-- THE INPUT follows --

(* For all integers $n\ge2$ and $d$, the $(n-1)\times(n-1)$ matrix $P(n,d)=\bigl(p_{n,d}(i,j)\bigr)_{i,j=1}^{n-1}$ is symmetric and Toeplitz, i.e. $p_{n,d}(i,j)=p_{n,d}(j,i)$ for all $i,j\in[n-1]$ and $p_{n,d}(i+1,j+1)=p_{n,d}(i,j)$ for all $i,j\in[n-2]$.
   Context: A cycle $(c_1c_2\cdots c_k)$ of a permutation means $c_1\mapsto c_2\mapsto\cdots\mapsto c_k\mapsto c_1$. Its cyclic descent number is $\operatorname{cdes}(c)=\lvert\{t\in[k]: c_t>c_{t+1}\}\rvert$ and its cyclic ascent number $\operatorname{casc}(c)=\lvert\{t\in[k]: c_t<c_{t+1}\}\rvert$, where $c_{k+1}=c_1$; its cyclic weight is $w(c)=\min(\operatorname{cdes}(c),\operatorname{casc}(c))$, and the cyclic weight $w(\pi)$ of a permutation $\pi$ is the sum of the cyclic weights of all its cycles. An odd order permutation is one all of whose cycles have odd length. $\mathscr{P}_{n,d}$ is the set of odd order permutations of $[n]$ with cyclic weight $d$, and $p_{n,d}(i,j)$ is the number of $\pi\in\mathscr{P}_{n,d}$ containing $i\,n\,j$ as a cyclic factor, i.e. some cycle of $\pi$, written starting at a suitable element, contains $i,n,j$ consecutively (equivalently $\pi(i)=n$ and $\pi(n)=j$). *)

From mathcomp Require Import all_boot all_order all_fingroup all_algebra.
Set Implicit Arguments. Unset Strict Implicit. Unset Printing Implicit Defensive.

(* Permutations of [n] = {1,..,n} are modelled as {perm 'I_n}; the ordinal
   with value k represents the element k+1 of [n].  The order on 'I_n is the
   order on labels. *)

Definition cdes n (s : {perm 'I_n}) (C : {set 'I_n}) : nat :=
  #|[set x in C | s x < x]|.
Definition casc n (s : {perm 'I_n}) (C : {set 'I_n}) : nat :=
  #|[set x in C | x < s x]|.

Definition cyc_weight n (s : {perm 'I_n}) (C : {set 'I_n}) : nat :=
  minn (cdes s C) (casc s C).

Definition perm_cweight n (s : {perm 'I_n}) : nat :=
  \sum_(C in porbits s) cyc_weight s C.

Definition odd_order n (s : {perm 'I_n}) : bool :=
  [forall C in porbits s, odd #|C|].

Definition p_nd (n : nat) (d : int) (i j : nat) : nat :=
  #|[set s : {perm 'I_n} |
      [&& odd_order s, Posz (perm_cweight s) == d,
          [forall x, (val x == i.-1) ==> (val (s x) == n.-1)]
        & [forall x, (val x == n.-1) ==> (val (s x) == j.-1)]]]|.

From mathcomp Require Import all_boot all_order all_fingroup all_algebra.
From mathcomp Require Import zify.

(* Symmetry: inversion maps the permutations with cyclic factor [i n j] onto
   those with cyclic factor [j n i] and exchanges the cyclic descents and
   ascents of each cycle, so it preserves the cyclic weight.
   Toeplitz: conjugation by the relabelling [1 -> 2 -> ... -> n-1 -> 1]
   (fixing [n]) turns the factor [i n j] into [(i+1) n (j+1)].  As [n] is not
   a neighbour of [n-1] in its cycle, [n-1] is a cyclic peak; becoming the
   smallest label makes it a cyclic valley, so its outgoing descent turns into
   an ascent and its incoming ascent into a descent, while all other
   comparisons are unchanged: descent and ascent counts of each cycle, hence
   the cyclic weight, are preserved. *)

Set Implicit Arguments.
Unset Strict Implicit.
Unset Printing Implicit Defensive.

Section PorbitsConj.

Variable T : finType.
Local Open Scope group_scope.

Lemma porbit_conj (s f : {perm T}) x :
  porbit (s ^ f) (f x) = f @: porbit s x.
Proof.
apply/setP => y; apply/porbitP/imsetP => [[i ->] | [z /porbitP[i ->] ->]].
- by exists ((s ^+ i) x); rewrite ?mem_porbit // -conjXg permJ.
- by exists i; rewrite -conjXg permJ.
Qed.

Lemma porbits_conj (s f : {perm T}) :
  porbits (s ^ f) = (fun C : {set T} => f @: C) @: porbits s.
Proof.
apply/setP => C; apply/imsetP/imsetP => [[y _ ->] | [_ /imsetP[x _ ->] ->]].
- by exists (porbit s (f^-1 y)); rewrite ?imset_f // -porbit_conj permKV.
- by exists (f x); rewrite ?porbit_conj.
Qed.

End PorbitsConj.

Section CycleStatistics.

Variable n : nat.
Local Open Scope group_scope.
Implicit Types (s f : {perm 'I_n}) (C : {set 'I_n}).

Lemma odd_order_cweight_transfer s s' (F : {set 'I_n} -> {set 'I_n}) :
  injective F -> porbits s' = F @: porbits s ->
  {in porbits s, forall C,
     #|F C| = #|C| /\ cyc_weight s' (F C) = cyc_weight s C} ->
  odd_order s' = odd_order s /\ perm_cweight s' = perm_cweight s.
Proof.
move=> F_inj Es' FC; split.
- rewrite /odd_order Es'.
  apply/forall_inP/forall_inP => [oddF C Cs | odds _ /imsetP[C Cs ->]].
  + by rewrite -(FC C Cs).1 oddF ?imset_f.
  + by rewrite (FC C Cs).1 odds.
- rewrite /perm_cweight Es' big_imset /=; last by move=> C D _ _ /F_inj.
  by apply: eq_bigr => C Cs; rewrite (FC C Cs).2.
Qed.

Lemma perm_in_porbits s C x : C \in porbits s -> (s x \in C) = (x \in C).
Proof.
by case/imsetP=> y _ ->; rewrite -!eq_porbit_mem -[in LHS](expg1 s) porbit_perm.
Qed.

Lemma card_porbits_shift s C (P : rel 'I_n) : C \in porbits s ->
  #|[set x in C | P x (s x)]| = #|[set x in C | P (s^-1 x) x]|.
Proof.
move=> Cs; rewrite -[RHS](card_preimset _ (@perm_inj _ s)).
by apply: eq_card => x; rewrite !inE permK perm_in_porbits.
Qed.

Lemma cdesV s C : C \in porbits s -> cdes s^-1 C = casc s C.
Proof.
by move=> Cs; rewrite /casc (card_porbits_shift (fun x y => x < y) Cs).
Qed.

Lemma cascV s C : C \in porbits s -> casc s^-1 C = cdes s C.
Proof.
by move=> Cs; rewrite /cdes (card_porbits_shift (fun x y => y < x) Cs).
Qed.

Lemma odd_order_cweightV s :
  odd_order s^-1 = odd_order s /\ perm_cweight s^-1 = perm_cweight s.
Proof.
apply: (@odd_order_cweight_transfer _ _ id) => //.
  by rewrite porbitsV imset_id.
by move=> C Cs; rewrite /cyc_weight cdesV // cascV // minnC.
Qed.

Lemma card_porbits_conj (P : rel 'I_n) s f C :
  #|[set y in f @: C | P y ((s ^ f) y)]| = #|[set x in C | P (f x) (f (s x))]|.
Proof.
rewrite -(card_preimset _ (@perm_inj _ f)).
by apply: eq_card => x; rewrite !inE mem_imset ?permJ //; apply: perm_inj.
Qed.

Section PeakToValley.

Variables (f : {perm 'I_n}) (m : 'I_n).
Hypothesis f_mono : {in predC1 m &, {mono f : x y / x < y}}.
Hypothesis f_min : forall y, f m <= f y.

(* [tperm m (s^-1 m)] trades the descent at [m] lost by relabelling for the
   descent at [s^-1 m] gained by it. *)
Lemma relabel_descent s x : s m <= m -> s^-1 m <= m ->
  (f (s x) < f x) = (s (tperm m (s^-1 m) x) < tperm m (s^-1 m) x).
Proof.
move=> s_peak sV_peak; case: tpermP => [->|->|xm xsVm].
- by rewrite permKV ltnNge f_min ltnNge sV_peak.
- rewrite permKV ltn_neqAle f_min ltn_neqAle s_peak !andbT.
  by rewrite !(inj_eq val_inj) (inj_eq perm_inj) (can2_eq (permK s) (permKV s)).
- have sxm : s x \in predC1 m.
    by rewrite inE; apply/eqP => sxm; apply: xsVm; rewrite -sxm permK.
  by rewrite f_mono // inE; apply/eqP.
Qed.

Lemma card_relabel_descents s C : s m <= m -> s^-1 m <= m -> C \in porbits s ->
  #|[set x in C | f (s x) < f x]| = cdes s C.
Proof.
move=> s_peak sV_peak Cs; rewrite /cdes.
rewrite -[RHS](card_preimset _ (@perm_inj _ (tperm m (s^-1 m)))).
apply: eq_card => x; rewrite !inE relabel_descent //; congr (_ && _).
have sVmC : (s^-1 m \in C) = (m \in C).
  by rewrite -(perm_in_porbits _ Cs) permKV.
by case: tpermP => [->|->|//]; rewrite sVmC.
Qed.

Lemma card_relabel_ascents s C : s m <= m -> s^-1 m <= m -> C \in porbits s ->
  #|[set x in C | f x < f (s x)]| = casc s C.
Proof.
move=> s_peak sV_peak Cs.
rewrite (card_porbits_shift (fun x y => f x < f y) Cs).
by rewrite -cdesV // card_relabel_descents ?invgK ?porbitsV.
Qed.

Lemma odd_order_cweight_conj_peak s : s m <= m -> s^-1 m <= m ->
  odd_order (s ^ f) = odd_order s /\ perm_cweight (s ^ f) = perm_cweight s.
Proof.
move=> s_peak sV_peak.
apply: (odd_order_cweight_transfer (F := fun C : {set _} => f @: C)).
- exact/imset_inj/perm_inj.
- exact: porbits_conj.
move=> C Cs; rewrite card_imset; last exact: perm_inj.
rewrite /cyc_weight /cdes /casc (card_porbits_conj (fun x y => y < x)).
rewrite (card_porbits_conj (fun x y => x < y)).
by rewrite card_relabel_descents ?card_relabel_ascents.
Qed.

End PeakToValley.

End CycleStatistics.

Section ShiftRelabelling.

Variable k : nat.

Definition shift_label (x : nat) : nat :=
  if x < k then x.+1 else if x == k then 0 else x.

Lemma shift_label_inj : injective shift_label.
Proof.
move=> x y; rewrite /shift_label.
by case: (ltngtP x k); case: (ltngtP y k); lia.
Qed.

Lemma shift_label_mono : {in predC1 k &, {mono shift_label : x y / x < y}}.
Proof.
move=> x y; rewrite !inE /shift_label.
by case: (ltngtP x k); case: (ltngtP y k); lia.
Qed.

Lemma shift_label_ord (x : 'I_k.+2) : shift_label x < k.+2.
Proof. by rewrite /shift_label; case: (ltngtP x k); have := ltn_ord x; lia. Qed.

Definition shift_ord (x : 'I_k.+2) : 'I_k.+2 := Ordinal (shift_label_ord x).

Lemma shift_ord_inj : injective shift_ord.
Proof. by move=> x y /(congr1 val)/shift_label_inj/val_inj. Qed.

Definition shift_perm : {perm 'I_k.+2} := perm shift_ord_inj.

Lemma shift_permE x : shift_perm x = shift_label x :> nat.
Proof. by rewrite permE. Qed.

Lemma inord_k : (inord k : 'I_k.+2) = k :> nat.
Proof. exact: inordK. Qed.

Lemma shift_perm_mono :
  {in predC1 (inord k) &, {mono shift_perm : x y / x < y}}.
Proof.
move=> x y; rewrite !inE -!val_eqE /= inord_k => xk yk.
by rewrite !shift_permE shift_label_mono.
Qed.

Lemma shift_perm_min y : shift_perm (inord k) <= shift_perm y.
Proof. by rewrite shift_permE inord_k /shift_label ltnn eqxx. Qed.

Lemma shift_perm_max : shift_perm ord_max = ord_max.
Proof.
apply: val_inj; rewrite /= shift_permE /shift_label /ord_max /=.
by case: (ltngtP k.+1 k); lia.
Qed.

Lemma shift_perm_inord x : x < k -> shift_perm (inord x) = inord x.+1.
Proof.
move=> xk; have [x_ord xS_ord] : x < k.+2 /\ x.+1 < k.+2 by lia.
by apply: val_inj => /=; rewrite shift_permE !inordK // /shift_label xk.
Qed.

End ShiftRelabelling.

Definition cfactor_perms n (d : int) (a b : 'I_n.+1) : {set {perm 'I_n.+1}} :=
  [set s | [&& odd_order s, Posz (perm_cweight s) == d,
              s a == ord_max & s ord_max == b]].

Lemma maps_toE n (s : {perm 'I_n.+1}) a b : a < n.+1 -> b < n.+1 ->
  [forall x, (val x == a) ==> (val (s x) == b)] = (s (inord a) == inord b).
Proof.
move=> a_ord b_ord; apply/forall_inP/eqP => [sab | sab x /eqP xa].
  by apply: val_inj; rewrite /= inordK //; apply/eqP/sab; rewrite /= inordK.
have -> : x = inord a by rewrite -xa inord_val.
by rewrite sab /= inordK.
Qed.

Lemma p_ndE n d i j : i <= n.+1 -> j <= n.+1 ->
  p_nd n.+1 d i j = #|cfactor_perms d (inord i.-1 : 'I_n.+1) (inord j.-1)|.
Proof.
move=> i_le j_le; apply: eq_card => s.
rewrite !inE !maps_toE ?(inord_val ord_max) //; lia.
Qed.

Lemma card_cfactor_permsC n d (a b : 'I_n.+1) :
  #|cfactor_perms d a b| = #|cfactor_perms d b a|.
Proof.
rewrite -[RHS](card_preimset _ (@invg_inj _)).
apply: eq_card => s; rewrite !inE.
have [-> ->] := odd_order_cweightV s; rewrite !(canF_eq (permKV s)).
by rewrite (andbC (b == _)) (eq_sym ord_max) (eq_sym b).
Qed.

Lemma card_cfactor_perms_shift k d (a b : 'I_k.+2) : a < k -> b < k ->
  #|cfactor_perms d (shift_perm k a) (shift_perm k b)| = #|cfactor_perms d a b|.
Proof.
move=> ak bk; rewrite -[LHS](card_preimset _ (@conjg_inj _ (shift_perm k))).
apply: eq_card => s; rewrite !inE -shift_perm_max !permJ !(inj_eq perm_inj).
rewrite shift_perm_max.
have [sa|] := eqVneq (s a) ord_max; last by rewrite /= !andbF.
have [sb|] := eqVneq (s ord_max) b; last by rewrite /= !andbF.
pose m : 'I_k.+2 := inord k; have m_k : m = k :> nat := inord_k k.
have below_max (x : 'I_k.+2) : x != ord_max -> x <= m.
  by rewrite m_k -val_eqE /ord_max /= => /eqP; have := ltn_ord x; lia.
have s_peak : s m <= m.
  apply: below_max; rewrite -sa (inj_eq perm_inj).
  by apply: contraTneq ak => <-; rewrite m_k ltnn.
have sV_peak : (s^-1)%g m <= m.
  apply: below_max; rewrite (canF_eq (permKV s)) sb.
  by apply: contraTneq bk => <-; rewrite m_k ltnn.
by case: (odd_order_cweight_conj_peak (@shift_perm_mono k) (@shift_perm_min k)
  s_peak sV_peak) => -> ->.
Qed.

Theorem theorem3p2 (n : nat) (d : int) : 2 <= n ->
  (forall i j : nat, 1 <= i <= n.-1 -> 1 <= j <= n.-1 ->
     p_nd n d i j = p_nd n d j i) /\
  (forall i j : nat, 1 <= i <= n - 2 -> 1 <= j <= n - 2 ->
     p_nd n d i.+1 j.+1 = p_nd n d i j).
Proof.
case: n => [|[|k]] // _; split=> [i j hi hj | [|i] [|j] // hi hj].
- by rewrite !p_ndE; [apply: card_cfactor_permsC | lia..].
- rewrite !p_ndE /= -?shift_perm_inord; [|lia..].
  by rewrite card_cfactor_perms_shift ?inordK //; lia.
Qed.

-- THE INPUT concluded --

- _DIRECTIONS FOR THIS TASK_
Please return the lines above that run from the line containing "by move=> Cs; rewrite /casc" to the line containing "rewrite -[RHS](card_preimset _ (@perm_inj _ (tperm", inclusive, exactly and with no other lines.

- _EXPECTED ANSWER_
by move=> Cs; rewrite /casc (card_porbits_shift (fun x y => x < y) Cs).
Qed.

Lemma cascV s C : C \in porbits s -> casc s^-1 C = cdes s C.
Proof.
by move=> Cs; rewrite /cdes (card_porbits_shift (fun x y => y < x) Cs).
Qed.

Lemma odd_order_cweightV s :
  odd_order s^-1 = odd_order s /\ perm_cweight s^-1 = perm_cweight s.
Proof.
apply: (@odd_order_cweight_transfer _ _ id) => //.
  by rewrite porbitsV imset_id.
by move=> C Cs; rewrite /cyc_weight cdesV // cascV // minnC.
Qed.

Lemma card_porbits_conj (P : rel 'I_n) s f C :
  #|[set y in f @: C | P y ((s ^ f) y)]| = #|[set x in C | P (f x) (f (s x))]|.
Proof.
rewrite -(card_preimset _ (@perm_inj _ f)).
by apply: eq_card => x; rewrite !inE mem_imset ?permJ //; apply: perm_inj.
Qed.

Section PeakToValley.

Variables (f : {perm 'I_n}) (m : 'I_n).
Hypothesis f_mono : {in predC1 m &, {mono f : x y / x < y}}.
Hypothesis f_min : forall y, f m <= f y.

(* [tperm m (s^-1 m)] trades the descent at [m] lost by relabelling for the
   descent at [s^-1 m] gained by it. *)
Lemma relabel_descent s x : s m <= m -> s^-1 m <= m ->
  (f (s x) < f x) = (s (tperm m (s^-1 m) x) < tperm m (s^-1 m) x).
Proof.
move=> s_peak sV_peak; case: tpermP => [->|->|xm xsVm].
- by rewrite permKV ltnNge f_min ltnNge sV_peak.
- rewrite permKV ltn_neqAle f_min ltn_neqAle s_peak !andbT.
  by rewrite !(inj_eq val_inj) (inj_eq perm_inj) (can2_eq (permK s) (permKV s)).
- have sxm : s x \in predC1 m.
    by rewrite inE; apply/eqP => sxm; apply: xsVm; rewrite -sxm permK.
  by rewrite f_mono // inE; apply/eqP.
Qed.

Lemma card_relabel_descents s C : s m <= m -> s^-1 m <= m -> C \in porbits s ->
  #|[set x in C | f (s x) < f x]| = cdes s C.
Proof.
move=> s_peak sV_peak Cs; rewrite /cdes.
rewrite -[RHS](card_preimset _ (@perm_inj _ (tperm m (s^-1 m)))).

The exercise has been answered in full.